If you look closely at the original, full output of the 2D FFT, you can separate it into a few block matrix sections that contain the conjugate pairs:

|A|B|B|B|B|B|
|C|D|D|D|D|D|
|C|D|D|D|D|D|
|C|D|D|D|D|D|
|C|D|D|D|D|D|
|C|D|D|D|D|D|

In each block, the conjugate pairs are nicely positioned on what I'd like to call opposite ends of a line passing through the block origin. Here are some conjugate pairs you can verify, together with the example output above:

# Block D
|A|B|B|B|B|B|
|C|x| | | | |
|C| | | | | |
|C| | | | | |
|C| | | | | |
|C| | | | |x|

# Block D
|A|B|B|B|B|B|
|C| |x| | | |
|C| | | | | |
|C| | | | | |
|C| | | | | |
|C| | | |x| |

# Block D
|A|B|B|B|B|B|
|C| | | | | |
|C| | | |x| |
|C| | | | | |
|C| |x| | | |
|C| | | | | |

# Block D, self-conjugate i.e. 0 imaginary component
# Note that numerical accuracy sometimes leaves it as a small number instead..
|A|B|B|B|B|B|
|C| | | | | |
|C| | | | | |
|C| | |x| | |
|C| | | | | |
|C| | | | | |

# Block C
|A|B|B|B|B|B|
| |D|D|D|D|D|
|x|D|D|D|D|D|
| |D|D|D|D|D|
|x|D|D|D|D|D|
| |D|D|D|D|D|

# Block C self-conjugate
|A|B|B|B|B|B|
| |D|D|D|D|D|
| |D|D|D|D|D|
|x|D|D|D|D|D|
| |D|D|D|D|D|
| |D|D|D|D|D|

Of course, this is just graphically representing the conjugate pair relationship in 2D:

X_{M-k, N-l} = {X_{k,l}}^*

The idea is you'd need to keep at least one of each conjugate pair to have non-redundant output; and importantly, since the conjugate pairs are in block matrices, you can target to keep half of each block. The way all the libraries do it (probably because they do the transforms down the rows first, then down the columns) is to keep half of block $B$ and all of block $C$ , chopping block $D$ vertically in the process.

|A|B|B|B|-|-|
|C|D|D|D|-|-|
|C|D|D|D|-|-|
|C|D|D|D|-|-|
|C|D|D|D|-|-|
|C|D|D|D|-|-|

However you could easily just chop block $D$ horizontally instead, and still keep an equivalent set of non-redundant output:

|A|B|B|B|B|B|
|C|D|D|D|D|D|
|C|D|D|D|D|D|
|C|D|D|D|D|D|
|-|-|-|-|-|-|
|-|-|-|-|-|-|

And finally, the IPP 2D packed format..

The RCPack2D format is found only in the image processing section.
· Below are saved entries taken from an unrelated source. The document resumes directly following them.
(* Let $d\ge2$. For any feed-forward neural network architecture $\mathcal{A}$ with $d$ input neurons and the Heaviside activation $\sigma(x)=\mathds{1}_{x\ge0}$, the set $H_{\mathcal{A}}$ satisfies \[ \sup_{f \in \mathcal{M}^d} \inf_{g \in H_{\mathcal{A}}} \|f - g\|_{\infty} \geq \frac{1}{2}, \] where $\|\cdot\|_\infty$ is the sup norm on $[0,1]^d$.
   Context: $\mathcal{M}^d$ is the set of all functions $f:[0,1]^d\to[0,1]$ that are non-decreasing in the sense that $x_i\le y_i$ for all $i=1,\dots,d$ implies $f(x)\le f(y)$. A feed-forward architecture $\mathcal{A}$ is a directed acyclic graph with $d$ input nodes (in-degree $0$), a single output node (out-degree $0$), skip connections allowed; a real weight is attached to every edge and every non-input node. For weights $\mathbf w$, input neuron $v$ outputs $x_v$, each hidden neuron outputs $\sigma(\sum_{u\in P_v}w_{u\to v}y_u+w_v)$ ($P_v$ = predecessors), the output neuron outputs $\sum_{u\in P_v}w_{u\to v}y_u+w_v$; $H_{\mathcal{A}}$ is the set of all functions on $[0,1]^d$ so computed over all weight vectors. *)

From HB Require Import structures.
From mathcomp Require Import all_boot all_order all_algebra.
From mathcomp Require Import all_classical all_reals all_analysis.
Set Implicit Arguments. Unset Strict Implicit. Unset Printing Implicit Defensive.
Import Order.TTheory GRing.Theory Num.Theory.
Local Open Scope ring_scope.
Local Open Scope classical_set_scope.

Definition heaviside (R : realType) (t : R) : R := if 0 <= t then 1 else 0.

(* A feed-forward architecture with d inputs, given in topological order:
   nodes are 0, ..., n-1; nodes 0..d-1 are the input nodes, node n-1 is the
   output node, nodes d..n-2 are hidden.  Edges (skip connections allowed)
   are given by the relation [edge]; an edge u -> v forces u < v < n
   (acyclicity), input nodes have in-degree 0, and the output node has
   out-degree 0 (automatic from u < v < n). *)
Record architecture (d : nat) := Architecture {
  nnodes : nat;
  edge : rel nat;
  edge_order : forall u v, edge u v -> (u < v)%N && (v < nnodes)%N;
  edge_noninput : forall u v, edge u v -> (d <= v)%N;
  output_noninput : (d < nnodes)%N
}.

Definition cube (R : realType) (d : nat) : set ('I_d -> R) :=
  [set x | forall i, 0 <= x i <= 1].

Section Network.
Variables (R : realType) (d : nat) (A : architecture d).
Variables (w : nat -> nat -> R)
          (b : nat -> R)
          (x : 'I_d -> R).

(* output of node k given the outputs [s] of nodes 0..k-1 *)
Definition node_value (k : nat) (s : seq R) : R :=
  match (insub k : option 'I_d) with
  | Some i => x i
  | None =>
    let pre := \sum_(j < k | edge A j k) w j k * nth 0 s j + b k in
    if k == (nnodes A).-1 then pre else heaviside pre
  end.

Fixpoint node_outputs (k : nat) : seq R :=
  match k with
  | 0 => [::]
  | k'.+1 => let s := node_outputs k' in rcons s (node_value k' s)
  end.

Definition network_output : R := nth 0 (node_outputs (nnodes A)) (nnodes A).-1.
End Network.

Definition H_A (R : realType) (d : nat) (A : architecture d) : set (('I_d -> R) -> R) :=
  [set g | exists (w : nat -> nat -> R) (b : nat -> R),
           g = fun x => network_output A w b x].

(* M^d : non-decreasing functions [0,1]^d -> [0,1] (values off the cube are
   irrelevant) *)
Definition monotone_cube (R : realType) (d : nat) : set (('I_d -> R) -> R) :=
  [set f | (forall x, cube x -> 0 <= f x <= 1) /\
           (forall x y, cube x -> cube y -> (forall i, x i <= y i) -> f x <= f y)].

Definition supnorm_cube (R : realType) (d : nat) (f g : ('I_d -> R) -> R) : \bar R :=
  ereal_sup [set (`|f x - g x|)%:E | x in cube (R:=R) (d:=d)].

From mathcomp Require Import all_boot all_order all_algebra.
From mathcomp Require Import all_classical all_reals all_analysis.
From mathcomp Require Import ring lra zify.
Set Implicit Arguments. Unset Strict Implicit. Unset Printing Implicit Defensive.
Import Order.TTheory GRing.Theory Num.Theory.
Local Open Scope ring_scope.
Local Open Scope classical_set_scope.

(* The witness is the monotone indicator [curve_step] of the region
   x_1 >= (1 - x_0)^2 (other coordinates ignored), whose jump set is a strictly
   convex curve.  Going through the nodes in topological order, there is
   always an open square centred on the curve on which every hidden neuron
   seen so far is constant: on such a square the next pre-activation is affine
   in (x_0, x_1), so along the curve it is a quadratic, which unless the
   neuron ignores x_0 and x_1 is nonzero at some curve point nearby; a smaller
   square around that point then fixes the sign of the pre-activation.  On the
   last square the network output is affine with bounded slope, whereas
   [curve_step] jumps from 0 to 1 between two nearby points on either side of
   the curve, so one of them is at distance almost 1/2. *)

Lemma heavisideDr_small (R : realType) (q r : R) :
  `|r| < `|q| -> heaviside (q + r) = heaviside q.
Proof.
rewrite /heaviside ltr_norml; case: (lerP 0 q) => hq.
  by rewrite ger0_norm // => /andP[h1 h2]; rewrite ifT //; lra.
by rewrite ltr0_norm // => /andP[h1 h2]; rewrite ifF //; apply/negbTE; rewrite -ltNge; lra.
Qed.

Lemma ltr_norm_lincomb (R : realType) (a c e0 e1 s q : R) :
  `|e0| < s -> `|e1| < s -> s * (`|a| + `|c| + 1) <= q ->
  `|a * e0 + c * e1| < q.
Proof.
move=> he0 he1 hq; apply: le_lt_trans (ler_normD _ _) _; rewrite !normrM.
have : `|a| * `|e0| <= `|a| * s by rewrite ler_wpM2l // ltW.
have : `|c| * `|e1| <= `|c| * s by rewrite ler_wpM2l // ltW.
have : 0 < s by apply: le_lt_trans he0.
lra.
Qed.

Lemma curve_affine_nonzero (R : realType) (C a c p eta : R) :
  0 < eta -> (a != 0) || (c != 0) ->
  exists t, [/\ p < t, t <= p + 3 * eta &
                C + a * (t - p) + c * ((1 - t) ^+ 2 - (1 - p) ^+ 2) != 0].
Proof.
move=> heta; pose P t := C + a * (t - p) + c * ((1 - t) ^+ 2 - (1 - p) ^+ 2).
have [z1|] := eqVneq (P (p + eta)) 0; last by exists (p + eta); split=> //; lra.
have [z2|] := eqVneq (P (p + 2 * eta)) 0; last by exists (p + 2 * eta); split=> //; lra.
have [z3|] := eqVneq (P (p + 3 * eta)) 0; last by exists (p + 3 * eta); split=> //; lra.
(* [P (p + k * eta)] is a quadratic in [k] with leading coefficient [c * eta ^+ 2]. *)
move: z1 z2 z3; rewrite /P !expr2 => z1 z2 z3.
have /eqP : c * (eta * eta) = 0 by lra.
rewrite !mulf_eq0 (gt_eqF heta) !orbF => /eqP c0.
have /eqP : a * eta = 0 by move: z1 z2; rewrite c0; lra.
by rewrite mulf_eq0 (gt_eqF heta) orbF => /eqP ->; rewrite c0 eqxx.
Qed.

Section Plane.
Variables (R : realType) (d : nat).

Definition coord (x : 'I_d -> R) (j : nat) : R :=
  if insub j is Some i then x i else 0.

Definition planar (a0 a1 : R) : 'I_d -> R :=
  fun i => if i == 0 :> nat then a0 else if i == 1 :> nat then a1 else 0.

Definition curve_point (t : R) : 'I_d -> R := planar t ((1 - t) ^+ 2).

Definition curve_step (x : 'I_d -> R) : R :=
  if (1 - coord x 0) ^+ 2 <= coord x 1 then 1 else 0.

Lemma coord_le (x y : 'I_d -> R) j :
  (forall i, x i <= y i) -> coord x j <= coord y j.
Proof. by rewrite /coord; case: (insub j). Qed.

Lemma coord_cube (x : 'I_d -> R) j : cube x -> 0 <= coord x j <= 1.
Proof. by rewrite /coord; case: (insub j) => [i|] // _; rewrite lexx ler01. Qed.

Lemma planar_cube (a0 a1 : R) :
  0 <= a0 <= 1 -> 0 <= a1 <= 1 -> cube (planar a0 a1).
Proof.
move=> h0 h1 i; rewrite /planar.
by case: ifP => // _; case: ifP => // _; rewrite lexx ler01.
Qed.

Lemma curve_step_monotone : monotone_cube curve_step.
Proof.
split=> [x _|x y hx hy hxy]; first by rewrite /curve_step; case: ifP; rewrite lexx ler01.
rewrite /curve_step; case: ifP => hfx; last by case: ifP; rewrite ?lexx ?ler01.
rewrite ifT //.
have := coord_le 0 hxy; have := coord_le 1 hxy.
have /andP[hx0 hx1] := coord_cube 0 hx; have /andP[hy0 hy1] := coord_cube 0 hy.
move=> hle1 hle0.
have : (1 - coord y 0) ^+ 2 <= (1 - coord x 0) ^+ 2 by rewrite !expr2; nra.
lra.
Qed.

Hypothesis hd : (1 < d)%N.

Lemma coord_planar0 (a0 a1 : R) : coord (planar a0 a1) 0 = a0.
Proof. by rewrite /coord insubT // (ltn_trans _ hd). Qed.

Lemma coord_planar1 (a0 a1 : R) : coord (planar a0 a1) 1 = a1.
Proof. by rewrite /coord insubT. Qed.

Lemma curve_step_across (p u : R) : 0 < p < 1 -> 0 < u <= (1 - p) ^+ 2 ->
  curve_step (planar (p + u) ((1 - p) ^+ 2 + u)) = 1 /\
  curve_step (planar (p - u) ((1 - p) ^+ 2 - u)) = 0.
Proof.
move=> /andP[hp0 hp1] /andP[hu0 hu1]; rewrite /curve_step !coord_planar0 !coord_planar1.
move: hu1; rewrite !expr2 => hu1; split; first by rewrite ifT //; nra.
by rewrite ifF //; apply/negbTE; rewrite -ltNge; nra.
Qed.

Definition near_curve (p r : R) (x : 'I_d -> R) : Prop :=
  [/\ forall i : 'I_d, (2 <= i)%N -> x i = 0,
      `|coord x 0 - p| < r & `|coord x 1 - (1 - p) ^+ 2| < r].

Lemma near_curve_planar (p r a0 a1 : R) :
  `|a0 - p| < r -> `|a1 - (1 - p) ^+ 2| < r -> near_curve p r (planar a0 a1).
Proof.
by move=> h0 h1; split; rewrite ?coord_planar0 ?coord_planar1 //; case=> [[|[|i]] ?].
Qed.

Lemma near_curve_point (p r : R) : 0 < r -> near_curve p r (curve_point p).
Proof. by move=> hr; apply: near_curve_planar; rewrite subrr normr0. Qed.

Lemma near_curve_sub (p r t s : R) :
  0 <= p <= t -> t <= p + 3 * r / 16 -> t <= 1 -> s <= r / 2 ->
  near_curve t s `<=` near_curve p r.
Proof.
move=> /andP[hp ht] htr ht1 hs x [hx hx0 hx1]; split=> //.
  by move: hx0; rewrite !ltr_distl => /andP[? ?]; apply/andP; split; lra.
have : (1 - t) ^+ 2 <= (1 - p) ^+ 2 <= (1 - t) ^+ 2 + 2 * (t - p).
  by rewrite !expr2; apply/andP; split; nra.
by move: hx1; rewrite !ltr_distl => /andP[? ?] /andP[? ?]; apply/andP; split; lra.
Qed.

Definition affine_near_curve (F : ('I_d -> R) -> R) (p r a c : R) : Prop :=
  forall x y, near_curve p r x -> near_curve p r y ->
    F x - F y = a * (coord x 0 - coord y 0) + c * (coord x 1 - coord y 1).

Lemma heaviside_const_near_nonzero (F : ('I_d -> R) -> R) (p r a c t : R) :
  0 < r -> affine_near_curve F p r a c ->
  0 <= p <= t -> t <= p + 3 * r / 16 -> t <= 1 -> F (curve_point t) != 0 ->
  exists s : R, [/\ 0 < s, near_curve t s `<=` near_curve p r &
    forall x, near_curve t s x -> heaviside (F x) = heaviside (F (curve_point t))].
Proof.
move=> hr hF /andP[hp hpt] htr ht1; set q := F (curve_point t) => hq.
pose S := `|a| + `|c| + 1.
have hS : 0 < S by rewrite ltr_wpDl ?addr_ge0.
pose s := Order.min (r / 2) (`|q| / S).
have hs : 0 < s by rewrite lt_min; apply/andP; split; [lra | rewrite divr_gt0 ?normr_gt0].
have /andP[hsr hsq] : (s <= r / 2) && (s * S <= `|q|).
  by rewrite -ler_pdivlMr // !ge_min !lexx orbT.
have sub_s : near_curve t s `<=` near_curve p r.
  by apply: near_curve_sub; rewrite ?hp ?hpt.
exists s; split=> // x hx.
have -> : F x = q + (a * (coord x 0 - t) + c * (coord x 1 - (1 - t) ^+ 2)).
  have := hF _ _ (sub_s x hx) (sub_s _ (near_curve_point t hs)).
  by rewrite coord_planar0 coord_planar1 /q; lra.
by apply: heavisideDr_small; case: hx => _ hx0 hx1; apply: ltr_norm_lincomb hx0 hx1 hsq.
Qed.

Lemma heaviside_const_near_curve (F : ('I_d -> R) -> R) (p r a c : R) :
  0 < p < 1 -> 0 < r -> affine_near_curve F p r a c ->
  exists t s, [/\ 0 < t < 1, 0 < s, near_curve t s `<=` near_curve p r &
    forall x y, near_curve t s x -> near_curve t s y ->
      heaviside (F x) = heaviside (F y)].
Proof.
move=> /andP[hp0 hp1] hr hF.
have [/andP[/eqP a0 /eqP c0]|/[!negb_and] ac] := boolP ((a == 0) && (c == 0)).
  exists p, r; split=> // [|x y hx hy]; first by apply/andP.
  by have /eqP := hF x y hx hy; rewrite a0 c0 !mul0r addr0 subr_eq0 => /eqP ->.
pose eta := Order.min r (1 - p) / 16.
have heta : 0 < eta by rewrite divr_gt0 // lt_min hr subr_gt0.
have /andP[hetar hetap] : (eta <= r / 16) && (eta <= (1 - p) / 16).
  by rewrite !ler_pM2r // !ge_min !lexx ?orbT.
have Ft t : p <= t <= p + 3 * eta -> F (curve_point t) =
    F (curve_point p) + a * (t - p) + c * ((1 - t) ^+ 2 - (1 - p) ^+ 2).
  move=> /andP[hpt htp]; have hr2 : 0 < r / 2 by lra.
  have sub : near_curve t (r / 2) `<=` near_curve p r.
    by apply: near_curve_sub; rewrite ?(ltW hp0) ?hpt //; lra.
  have := hF _ _ (sub _ (near_curve_point t hr2)) (near_curve_point p hr).
  by rewrite !coord_planar0 !coord_planar1; lra.
have [t [hpt htp]] := curve_affine_nonzero (F (curve_point p)) p heta ac.
rewrite -Ft => [hq|]; last by apply/andP; split; lra.
have [|||s [hs sub hFs]] := heaviside_const_near_nonzero hr hF _ _ _ hq; try lra.
by exists t, s; split=> // [|x y /hFs -> /hFs ->]; lra.
Qed.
Now this is really something. In theory, this is just extending the 1D packed format idea to 2D; everytime you meet an imaginary component of 0, you skip it (hence the Packed), but there's a little more nuance to it.

The first thing to note is that the previous method can still contain redundant values after slicing. In our $6 \times 6$ example above, the final truncated output still has the following redundant pairs:

|A|B|B|B|-|-|
|x|D|D|D|-|-|
| |D|D|D|-|-|
| |D|D|D|-|-|
| |D|D|D|-|-|
|x|D|D|D|-|-|

|A|B|B|B|-|-|
| |D|D|D|-|-|
|x|D|D|D|-|-|
| |D|D|D|-|-|
|x|D|D|D|-|-|
| |D|D|D|-|-|

|A|B|B|B|-|-|
|C| | |x|-|-|
|C| | | |-|-|
|C| | | |-|-|
|C| | | |-|-|
|C| | |x|-|-|

|A|B|B|B|-|-|
|C| | | |-|-|
|C| | |x|-|-|
|C| | | |-|-|
|C| | |x|-|-|
|C| | | |-|-|

I didn't include the self-conjugate centre indices in blocks $B,C,D$ as they should be treated the same as the 1D case.

So there can be a shorter first and last column. Hopefully, it shouldn't be too hard to see that for an odd number of columns, the last column will not have this issue.

Okay, so let's get rid of the extra redundant indices,

|A|B|B|B|-|-|
|C|D|D|D|-|-|
|C|D|D|D|-|-|
|C|D|D|D|-|-|
|-|D|D|-|-|-|
|-|D|D|-|-|-|

and then let's label the fully real (R) and fully complex (*) indices:

|R|*|*|R|-|-|
|*|*|*|*|-|-|
|*|*|*|*|-|-|
|R|*|*|R|-|-|
|-|*|*|-|-|-|
|-|*|*|-|-|-|

Here's where IPP's packed format comes in:

The first (and in this case also the last) column is flattened to real values into a column. This becomes a length-6 column - 2 from reals and $4=2 \times 2$ from complex values - and is written into the first (and last) column of a $6 \times 6$ matrix.
The columns in between, which are flattened to real values into their respective rows. This will become - in this case - 6 rows and 4 columns of real values.

Hence, the final output becomes a $6 \times 6$ real-valued matrix, with no redundant values whatsoever.

Sounds like a lot of work for not a lot of gain?

I think so too. By the logic above, you'd save roughly $2M/2 = M$ values worth of memory for a general $M \times N$ matrix. Even worse, if someone had to operate on this other than IPP, you'd have to unfold this anyway, or have to remember to deal with these first/last column shenanigans.